■ Record excerpts
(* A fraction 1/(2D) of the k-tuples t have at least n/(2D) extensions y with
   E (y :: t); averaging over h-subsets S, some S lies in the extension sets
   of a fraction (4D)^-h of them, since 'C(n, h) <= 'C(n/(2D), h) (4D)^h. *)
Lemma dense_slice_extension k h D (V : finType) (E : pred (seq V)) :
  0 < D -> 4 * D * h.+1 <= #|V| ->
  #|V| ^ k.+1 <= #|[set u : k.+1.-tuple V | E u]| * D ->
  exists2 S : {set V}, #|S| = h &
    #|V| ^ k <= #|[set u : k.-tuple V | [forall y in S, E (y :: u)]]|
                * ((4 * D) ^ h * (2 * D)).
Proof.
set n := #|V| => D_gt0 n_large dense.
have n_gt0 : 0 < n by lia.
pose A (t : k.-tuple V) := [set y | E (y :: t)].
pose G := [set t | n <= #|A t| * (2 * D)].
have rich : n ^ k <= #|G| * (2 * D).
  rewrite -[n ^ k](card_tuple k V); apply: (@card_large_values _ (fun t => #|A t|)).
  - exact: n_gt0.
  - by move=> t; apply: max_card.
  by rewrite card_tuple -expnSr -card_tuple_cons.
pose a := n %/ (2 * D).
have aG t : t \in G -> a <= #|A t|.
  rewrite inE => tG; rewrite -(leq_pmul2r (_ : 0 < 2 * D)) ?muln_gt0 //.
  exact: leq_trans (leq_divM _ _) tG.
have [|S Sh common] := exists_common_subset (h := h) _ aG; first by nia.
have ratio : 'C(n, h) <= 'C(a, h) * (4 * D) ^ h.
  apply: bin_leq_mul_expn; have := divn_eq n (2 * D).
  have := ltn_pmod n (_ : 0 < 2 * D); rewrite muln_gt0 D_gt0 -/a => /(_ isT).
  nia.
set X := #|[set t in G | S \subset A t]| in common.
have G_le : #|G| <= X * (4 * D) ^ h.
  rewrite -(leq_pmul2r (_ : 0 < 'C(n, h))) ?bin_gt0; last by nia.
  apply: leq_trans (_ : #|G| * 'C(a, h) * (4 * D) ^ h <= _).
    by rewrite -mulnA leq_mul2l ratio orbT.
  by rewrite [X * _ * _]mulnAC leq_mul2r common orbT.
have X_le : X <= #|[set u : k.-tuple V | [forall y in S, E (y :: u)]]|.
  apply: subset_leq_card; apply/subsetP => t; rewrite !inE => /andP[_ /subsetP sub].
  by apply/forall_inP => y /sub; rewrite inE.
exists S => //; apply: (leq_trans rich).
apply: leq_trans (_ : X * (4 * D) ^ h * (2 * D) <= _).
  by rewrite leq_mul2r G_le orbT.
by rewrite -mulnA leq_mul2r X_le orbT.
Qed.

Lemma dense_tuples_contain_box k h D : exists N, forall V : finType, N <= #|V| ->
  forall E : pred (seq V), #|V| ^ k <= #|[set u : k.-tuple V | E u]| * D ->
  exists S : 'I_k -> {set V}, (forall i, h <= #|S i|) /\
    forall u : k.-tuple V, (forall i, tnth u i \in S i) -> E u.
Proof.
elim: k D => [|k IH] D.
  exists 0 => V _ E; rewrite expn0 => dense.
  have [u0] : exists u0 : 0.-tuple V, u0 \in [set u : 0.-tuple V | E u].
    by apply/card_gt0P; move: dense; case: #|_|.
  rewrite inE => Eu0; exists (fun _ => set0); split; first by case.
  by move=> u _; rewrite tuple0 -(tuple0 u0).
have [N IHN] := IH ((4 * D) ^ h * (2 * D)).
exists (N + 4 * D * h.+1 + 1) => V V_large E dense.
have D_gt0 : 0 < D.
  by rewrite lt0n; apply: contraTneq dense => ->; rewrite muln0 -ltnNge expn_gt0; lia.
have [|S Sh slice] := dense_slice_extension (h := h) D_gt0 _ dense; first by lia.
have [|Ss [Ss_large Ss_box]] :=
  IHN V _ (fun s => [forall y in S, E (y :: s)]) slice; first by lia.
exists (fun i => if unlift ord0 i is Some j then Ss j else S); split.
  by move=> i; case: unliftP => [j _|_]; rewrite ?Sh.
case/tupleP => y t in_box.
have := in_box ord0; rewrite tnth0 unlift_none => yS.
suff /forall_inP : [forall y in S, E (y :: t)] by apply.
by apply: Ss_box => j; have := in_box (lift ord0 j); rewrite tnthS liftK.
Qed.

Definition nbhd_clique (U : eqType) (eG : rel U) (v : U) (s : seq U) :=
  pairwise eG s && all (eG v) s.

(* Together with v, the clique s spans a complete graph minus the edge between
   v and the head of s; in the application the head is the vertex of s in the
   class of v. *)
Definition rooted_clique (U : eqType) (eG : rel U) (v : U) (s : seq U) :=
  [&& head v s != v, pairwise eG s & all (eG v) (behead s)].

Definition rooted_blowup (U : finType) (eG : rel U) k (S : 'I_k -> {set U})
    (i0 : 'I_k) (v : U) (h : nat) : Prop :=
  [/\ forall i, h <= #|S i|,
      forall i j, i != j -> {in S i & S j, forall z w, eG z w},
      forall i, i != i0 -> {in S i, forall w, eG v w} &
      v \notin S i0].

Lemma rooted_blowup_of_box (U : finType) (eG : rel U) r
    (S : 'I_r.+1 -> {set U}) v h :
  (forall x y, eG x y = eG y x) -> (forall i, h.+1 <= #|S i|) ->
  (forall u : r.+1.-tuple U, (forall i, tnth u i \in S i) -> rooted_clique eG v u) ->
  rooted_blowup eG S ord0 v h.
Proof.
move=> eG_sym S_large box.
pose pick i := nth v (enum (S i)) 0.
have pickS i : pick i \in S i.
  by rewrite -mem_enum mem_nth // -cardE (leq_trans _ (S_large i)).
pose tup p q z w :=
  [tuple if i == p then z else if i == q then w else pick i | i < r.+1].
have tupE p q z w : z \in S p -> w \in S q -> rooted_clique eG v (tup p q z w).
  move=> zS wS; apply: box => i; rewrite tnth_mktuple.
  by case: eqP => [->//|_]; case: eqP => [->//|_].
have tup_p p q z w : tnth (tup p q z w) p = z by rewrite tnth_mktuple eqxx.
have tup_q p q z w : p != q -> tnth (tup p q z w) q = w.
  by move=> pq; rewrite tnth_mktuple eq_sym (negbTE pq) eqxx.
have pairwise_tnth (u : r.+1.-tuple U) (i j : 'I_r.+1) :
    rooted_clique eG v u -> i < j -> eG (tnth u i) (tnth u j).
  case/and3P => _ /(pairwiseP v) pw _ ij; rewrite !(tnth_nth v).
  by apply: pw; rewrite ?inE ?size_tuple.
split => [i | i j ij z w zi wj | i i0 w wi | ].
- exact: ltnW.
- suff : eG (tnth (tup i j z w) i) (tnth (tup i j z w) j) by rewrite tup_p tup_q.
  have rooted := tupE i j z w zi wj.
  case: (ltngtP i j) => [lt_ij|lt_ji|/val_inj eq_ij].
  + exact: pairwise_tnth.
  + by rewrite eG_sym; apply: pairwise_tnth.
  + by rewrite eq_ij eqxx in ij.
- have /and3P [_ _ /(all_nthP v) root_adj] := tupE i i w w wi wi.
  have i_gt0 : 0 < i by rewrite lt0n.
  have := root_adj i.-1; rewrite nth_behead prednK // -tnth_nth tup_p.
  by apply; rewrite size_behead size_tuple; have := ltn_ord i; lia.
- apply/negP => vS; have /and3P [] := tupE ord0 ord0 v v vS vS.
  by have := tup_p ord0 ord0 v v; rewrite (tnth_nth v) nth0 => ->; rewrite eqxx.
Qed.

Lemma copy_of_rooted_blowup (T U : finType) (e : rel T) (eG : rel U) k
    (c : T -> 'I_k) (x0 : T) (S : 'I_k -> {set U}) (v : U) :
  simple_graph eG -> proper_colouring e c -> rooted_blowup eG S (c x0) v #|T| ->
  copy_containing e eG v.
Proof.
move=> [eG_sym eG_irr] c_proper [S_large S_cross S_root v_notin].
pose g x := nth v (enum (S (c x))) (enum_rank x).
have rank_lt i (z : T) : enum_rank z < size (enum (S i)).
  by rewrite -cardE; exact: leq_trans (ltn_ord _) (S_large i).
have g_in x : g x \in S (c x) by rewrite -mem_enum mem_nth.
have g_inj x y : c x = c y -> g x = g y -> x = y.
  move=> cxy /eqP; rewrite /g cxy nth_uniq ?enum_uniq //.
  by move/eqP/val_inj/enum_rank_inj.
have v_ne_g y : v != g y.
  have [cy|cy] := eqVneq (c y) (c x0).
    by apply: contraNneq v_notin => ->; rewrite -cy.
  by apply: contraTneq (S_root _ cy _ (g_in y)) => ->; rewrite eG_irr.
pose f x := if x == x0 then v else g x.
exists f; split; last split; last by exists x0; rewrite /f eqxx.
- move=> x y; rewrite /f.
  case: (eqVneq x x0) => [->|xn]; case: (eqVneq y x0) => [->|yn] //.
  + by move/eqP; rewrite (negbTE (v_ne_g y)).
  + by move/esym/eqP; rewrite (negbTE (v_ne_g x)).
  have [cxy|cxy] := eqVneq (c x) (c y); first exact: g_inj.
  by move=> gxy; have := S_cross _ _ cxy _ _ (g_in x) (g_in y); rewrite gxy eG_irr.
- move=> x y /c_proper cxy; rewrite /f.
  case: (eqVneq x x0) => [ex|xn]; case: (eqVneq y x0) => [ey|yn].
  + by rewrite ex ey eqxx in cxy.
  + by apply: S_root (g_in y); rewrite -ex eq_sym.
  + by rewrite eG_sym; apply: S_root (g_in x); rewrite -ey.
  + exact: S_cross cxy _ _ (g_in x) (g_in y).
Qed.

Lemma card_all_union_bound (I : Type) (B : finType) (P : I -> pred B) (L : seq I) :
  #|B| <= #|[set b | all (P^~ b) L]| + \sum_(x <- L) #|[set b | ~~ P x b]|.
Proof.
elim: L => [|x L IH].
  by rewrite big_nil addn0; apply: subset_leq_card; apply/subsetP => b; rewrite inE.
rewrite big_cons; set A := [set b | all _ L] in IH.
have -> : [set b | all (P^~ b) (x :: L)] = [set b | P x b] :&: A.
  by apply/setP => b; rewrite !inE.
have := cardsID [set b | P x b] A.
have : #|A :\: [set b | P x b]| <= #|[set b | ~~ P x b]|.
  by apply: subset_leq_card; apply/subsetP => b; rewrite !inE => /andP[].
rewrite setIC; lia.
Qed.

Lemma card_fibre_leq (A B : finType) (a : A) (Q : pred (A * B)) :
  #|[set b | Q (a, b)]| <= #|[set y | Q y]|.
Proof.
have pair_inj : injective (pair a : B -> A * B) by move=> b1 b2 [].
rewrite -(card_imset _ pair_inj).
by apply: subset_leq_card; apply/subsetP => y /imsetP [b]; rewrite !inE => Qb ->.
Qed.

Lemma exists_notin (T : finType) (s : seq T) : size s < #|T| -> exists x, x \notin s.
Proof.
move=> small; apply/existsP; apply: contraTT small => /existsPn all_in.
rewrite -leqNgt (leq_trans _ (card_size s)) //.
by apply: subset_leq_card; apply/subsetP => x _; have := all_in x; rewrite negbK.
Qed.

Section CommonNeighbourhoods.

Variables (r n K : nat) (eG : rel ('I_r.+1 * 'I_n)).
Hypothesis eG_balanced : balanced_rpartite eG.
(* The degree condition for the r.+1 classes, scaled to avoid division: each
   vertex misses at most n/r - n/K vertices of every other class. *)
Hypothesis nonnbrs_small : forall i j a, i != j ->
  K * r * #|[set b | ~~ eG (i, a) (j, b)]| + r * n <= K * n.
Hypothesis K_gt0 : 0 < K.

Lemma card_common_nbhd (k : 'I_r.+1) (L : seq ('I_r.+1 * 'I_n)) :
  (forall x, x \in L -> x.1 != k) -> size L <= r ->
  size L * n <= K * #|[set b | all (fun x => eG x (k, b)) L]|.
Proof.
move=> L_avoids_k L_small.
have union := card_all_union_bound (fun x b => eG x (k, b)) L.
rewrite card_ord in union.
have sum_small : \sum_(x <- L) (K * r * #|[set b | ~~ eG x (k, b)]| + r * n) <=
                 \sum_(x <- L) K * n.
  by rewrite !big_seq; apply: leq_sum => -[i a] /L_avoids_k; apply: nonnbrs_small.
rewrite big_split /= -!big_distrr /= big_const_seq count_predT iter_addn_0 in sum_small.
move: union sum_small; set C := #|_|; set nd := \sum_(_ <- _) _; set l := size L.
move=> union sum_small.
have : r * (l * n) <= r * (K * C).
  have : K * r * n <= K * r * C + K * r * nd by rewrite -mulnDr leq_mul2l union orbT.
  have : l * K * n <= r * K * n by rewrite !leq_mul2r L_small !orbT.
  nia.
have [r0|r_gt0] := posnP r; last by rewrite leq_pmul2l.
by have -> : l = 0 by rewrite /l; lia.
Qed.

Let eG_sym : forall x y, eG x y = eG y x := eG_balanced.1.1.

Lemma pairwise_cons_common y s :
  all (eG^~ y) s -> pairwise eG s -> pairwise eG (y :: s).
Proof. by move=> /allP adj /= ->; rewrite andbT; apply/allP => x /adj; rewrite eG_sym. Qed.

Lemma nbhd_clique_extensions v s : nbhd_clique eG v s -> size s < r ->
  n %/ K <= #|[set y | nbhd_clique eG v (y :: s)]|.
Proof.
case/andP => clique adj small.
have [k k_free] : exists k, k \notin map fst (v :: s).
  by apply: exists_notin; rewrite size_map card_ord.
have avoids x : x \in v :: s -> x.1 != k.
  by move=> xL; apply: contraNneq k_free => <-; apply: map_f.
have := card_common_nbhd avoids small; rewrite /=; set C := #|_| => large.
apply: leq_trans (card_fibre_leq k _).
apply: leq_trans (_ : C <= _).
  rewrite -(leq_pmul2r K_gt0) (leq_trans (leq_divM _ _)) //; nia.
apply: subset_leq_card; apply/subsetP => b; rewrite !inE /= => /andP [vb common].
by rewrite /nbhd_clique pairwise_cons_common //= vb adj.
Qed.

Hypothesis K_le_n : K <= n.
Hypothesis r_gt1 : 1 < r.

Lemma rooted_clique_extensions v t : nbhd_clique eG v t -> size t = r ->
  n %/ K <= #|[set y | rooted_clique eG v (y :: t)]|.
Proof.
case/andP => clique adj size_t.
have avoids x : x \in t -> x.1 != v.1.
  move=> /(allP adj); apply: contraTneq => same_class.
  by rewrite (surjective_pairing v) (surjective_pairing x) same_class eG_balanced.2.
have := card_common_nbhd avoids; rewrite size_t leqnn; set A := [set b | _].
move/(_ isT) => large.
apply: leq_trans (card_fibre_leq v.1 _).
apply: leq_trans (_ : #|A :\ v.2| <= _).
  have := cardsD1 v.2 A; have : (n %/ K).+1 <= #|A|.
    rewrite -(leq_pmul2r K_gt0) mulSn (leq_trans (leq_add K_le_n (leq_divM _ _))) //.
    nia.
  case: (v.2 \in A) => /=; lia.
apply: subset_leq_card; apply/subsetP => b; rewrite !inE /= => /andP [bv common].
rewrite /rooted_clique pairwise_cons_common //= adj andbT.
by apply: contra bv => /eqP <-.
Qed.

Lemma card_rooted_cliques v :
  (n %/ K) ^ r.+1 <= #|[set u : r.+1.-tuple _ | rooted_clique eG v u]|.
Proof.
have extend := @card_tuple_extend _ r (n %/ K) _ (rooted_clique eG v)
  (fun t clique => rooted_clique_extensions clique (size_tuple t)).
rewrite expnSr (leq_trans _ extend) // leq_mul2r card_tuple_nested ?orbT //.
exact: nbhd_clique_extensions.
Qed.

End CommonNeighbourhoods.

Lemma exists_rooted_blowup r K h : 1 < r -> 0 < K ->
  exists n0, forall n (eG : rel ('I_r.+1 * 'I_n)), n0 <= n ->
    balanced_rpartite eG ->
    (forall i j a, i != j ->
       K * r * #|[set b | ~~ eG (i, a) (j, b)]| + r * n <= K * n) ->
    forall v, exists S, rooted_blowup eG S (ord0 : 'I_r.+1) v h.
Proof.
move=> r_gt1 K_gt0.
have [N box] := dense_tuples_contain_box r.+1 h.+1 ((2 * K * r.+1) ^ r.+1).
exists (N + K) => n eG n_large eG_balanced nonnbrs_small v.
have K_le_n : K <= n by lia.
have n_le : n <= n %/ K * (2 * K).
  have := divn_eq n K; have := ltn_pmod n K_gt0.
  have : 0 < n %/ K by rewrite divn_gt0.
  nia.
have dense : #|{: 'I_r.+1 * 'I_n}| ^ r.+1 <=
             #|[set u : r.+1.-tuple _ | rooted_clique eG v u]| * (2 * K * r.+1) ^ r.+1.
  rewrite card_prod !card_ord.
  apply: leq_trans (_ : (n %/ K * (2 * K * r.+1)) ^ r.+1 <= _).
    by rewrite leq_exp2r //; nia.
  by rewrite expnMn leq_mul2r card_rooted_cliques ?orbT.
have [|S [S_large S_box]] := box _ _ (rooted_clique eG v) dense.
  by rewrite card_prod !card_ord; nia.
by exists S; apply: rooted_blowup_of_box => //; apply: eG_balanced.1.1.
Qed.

■ Instructions to follow
Copy only this part of the entries above: the line with "#|B| <= #|[set b", the line with "have := cardsID [set b | P x b] A.", and the lines between, all exactly as written.

■ Your response
  #|B| <= #|[set b | all (P^~ b) L]| + \sum_(x <- L) #|[set b | ~~ P x b]|.
Proof.
elim: L => [|x L IH].
  by rewrite big_nil addn0; apply: subset_leq_card; apply/subsetP => b; rewrite inE.
rewrite big_cons; set A := [set b | all _ L] in IH.
have -> : [set b | all (P^~ b) (x :: L)] = [set b | P x b] :&: A.
  by apply/setP => b; rewrite !inE.
have := cardsID [set b | P x b] A.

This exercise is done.